Java obtains the real ip address of the client, and java obtains the ip address

Source: Internet
Author: User

Java obtains the real ip address of the client, and java obtains the ip address

In JSP, the method for obtaining the Client IP address is request. getRemoteAddr (), which is valid in most cases. However, the real IP address of the client cannot be obtained through reverse proxy software such as Apache and Squid. Like a mobile gateway, the ISAPI filter iisforward will repackage the request object and append some header information to WLS. In this case, directly using request. getRemoteAddr () cannot obtain the real customer IP address.

If reverse proxy software is used, when the URL reverse proxy of http: // 192.168.1.110: 2046/is set to the URL of the http://www.javapeixun.com.cn/, request is used. the IP address obtained by the getRemoteAddr () method is 127.0.0.1 or 192.168.1.110, but not the real IP address of the client.

After proxy, because the intermediate layer is added between the client and the service, the server cannot directly obtain the IP address of the client, and the server application cannot directly return the IP address of the forwarded request to the client. However, X-FORWARDED-FOR information is added in the HTTP header information that forwards the request. It is used to track the original Client IP address and the server address of the original client request. When we access http://www.javapeixun.com.cn/index. jsp/is not actually the index on the server accessed by our browser. the jsp file is first accessed by the Proxy Server http: // 192.168.1.110: 2046/index. jsp, the proxy server returns the access results to our browser, because the proxy server accesses the index. jsp, so index. in jsp, request. the IP obtained by getRemoteAddr () is actually the proxy server address, not the client IP address.

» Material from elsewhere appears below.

(* For every $k\ge3$, the distribution $P_{k\text{-NAE}}$ satisfies the conditions SYM, BAL, MIN, POS and UNI.
   Context: $\Omega=\{-1,1\}$, $q=2$. For $\tau\in\Omega^k$ let $\psi_\tau:\Omega^k\to\{0,1\}$, $\psi_\tau(\sigma)=1-\mathbf 1\{\sigma=\tau\}-\mathbf 1\{\sigma=-\tau\}$; $\Psi_{k\text{-NAE}}=\{\psi_\tau:\tau\in\Omega^k\}$ and $P_{k\text{-NAE}}$ is the uniform distribution on these $2^k$ functions. $\boldsymbol\psi$ denotes a sample from $P=P_{k\text{-NAE}}$ and $\xi=q^{-k}\sum_{\sigma\in\Omega^k}\mathbb E[\boldsymbol\psi(\sigma)]$; $\psi^\theta(\sigma)=\psi(\sigma_{\theta(1)},\dots,\sigma_{\theta(k)})$. SYM: for all $i\in[k]$, $\omega\in\Omega$, $\psi\in\Psi$, $\sum_{\tau\in\Omega^k}\mathbf 1\{\tau_i=\omega\}\psi(\tau)=q^{k-1}\xi$, and $P(\psi)=P(\psi^\theta)$ for every permutation $\theta$ of $[k]$. BAL: $\phi(\mu)=\sum_{\tau\in\Omega^k}\mathbb E[\boldsymbol\psi(\tau)]\prod_{i=1}^k\mu(\tau_i)$ is concave on the distributions $\mu$ on $\Omega$ and attains its maximum at the uniform distribution. MIN: among distributions $\rho$ on $\Omega\times\Omega$ with $\sum_s\rho(s,t)=\sum_s\rho(t,s)=1/q$ for all $t$, $\varphi(\rho)=\sum_{\sigma,\tau\in\Omega^k}\mathbb E[\boldsymbol\psi(\sigma)\boldsymbol\psi(\tau)]\prod_{i=1}^k\rho(\sigma_i,\tau_i)$ has the uniform distribution as unique global minimiser. POS: for all probability measures $\pi,\pi'$ on the distributions on $\Omega$ with $\int\mu(\omega)d\pi(\mu)=\int\mu(\omega)d\pi'(\mu)=1/q$ for all $\omega$, and all $\ell\ge2$, with $\rho_i$ i.i.d. from $\pi$, $\rho'_i$ i.i.d. from $\pi'$, $\boldsymbol\psi$ from $P$, all independent, $\mathbb E[(1-\sum_\tau\boldsymbol\psi(\tau)\prod_{i=1}^k\rho_i(\tau_i))^\ell+(k-1)(1-\sum_\tau\boldsymbol\psi(\tau)\prod_{i=1}^k\rho'_i(\tau_i))^\ell-k(1-\sum_\tau\boldsymbol\psi(\tau)\rho_1(\tau_1)\prod_{i=2}^k\rho'_i(\tau_i))^\ell]\ge0$. UNI: every CSP with constraint functions from $\Psi$ (each constraint $a$ having a $k$-tuple $\partial a$ of variables) in which each constraint has pairwise distinct variables and whose bipartite variable–constraint graph is unicyclic admits $\sigma$ with $\prod_a\psi_a(\sigma(\partial a))>0$. *)

From Stdlib Require Import Reals Lra Arith List.
Import ListNotations.
Open Scope R_scope.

The actual iisforward appending header is as follows:

1 WL-Proxy-Client-IP=211.161.1.239  2 Proxy-Client-IP=211.161.1.239  3 X-Forwarded-For=211.161.1.239  4 WL-Proxy-Client-Keysize=   5 WL-Proxy-Client-Secretkeysize=   6 X-WebLogic-Request-ClusterInfo=true  7 X-WebLogic-KeepAliveSecs=30  8 X-WebLogic-Force-JVMID=-327089098  9 WL-Proxy-SSL=false

You can obtain the real IP address of the client as follows:

 

1 private String getIpAddress (HttpServletRequest request) {2 String ipAddress = null; 3 ipAddress = request. getHeader ("x-forwarded-for"); 4 if (ipAddress = null | ipAddress. length () = 0 | "unknown ". equalsIgnoreCase (ipAddress) {5 ipAddress = request. getHeader ("Proxy-Client-IP"); 6} 7 if (ipAddress = null | ipAddress. length () = 0 | "unknown ". equalsIgnoreCase (ipAddress) {8 ipAddress = requ Est. getHeader ("WL-Proxy-Client-IP"); 9} 10 if (ipAddress = null | ipAddress. length () = 0 | "unknown ". equalsIgnoreCase (ipAddress) {11 ipAddress = request. getRemoteAddr (); 12 if (ipAddress. equals ("127.0.0.1") {13 // obtain the IP address 14 InetAddress inet = null configured on the local machine based on the NIC; 15 try {16 inet = InetAddress. getLocalHost (); 17} catch (UnknownHostException e) {18 e. printStackTrace (); 19} 20 ipAddress = inet. getHostAd Dress (); 21} 22} 23 // when multiple proxies are used, the first IP address is the real IP address of the client. Multiple IP addresses are split into 24 if (ipAddress! = Null & ipAddress. length ()> 15 ){//"***. ***. ***. ***". length () = 15 25 if (ipAddress. indexOf (",")> 0) {26 ipAddress = ipAddress. substring (0, ipAddress. indexOf (","); 27} 28} 29 return ipAddress; 30}

After multi-level reverse proxy, there are more than one x-forwarded-for value, but a string of IP values. In this case, the first valid Non-unknown IP in x-forwarded-for is the real IP address.

 

Related Article

Contact Us

The content source of this page is from Internet, which doesn't represent Alibaba Cloud's opinion; products and services mentioned on that page don't have any relationship with Alibaba Cloud. If the content of the page makes you feel confusing, please write us an email, we will handle the problem within 5 days after receiving your email.

If you find any instances of plagiarism from the community, please send an email to: info-contact@alibabacloud.com and provide relevant evidence. A staff member will contact you within 5 working days.

A Free Trial That Lets You Build Big!

Start building with 50+ products and up to 12 months usage for Elastic Compute Service

  • Sales Support

    1 on 1 presale consultation

  • After-Sales Support

    24/7 Technical Support 6 Free Tickets per Quarter Faster Response

  • Alibaba Cloud offers highly flexible support services tailored to meet your exact needs.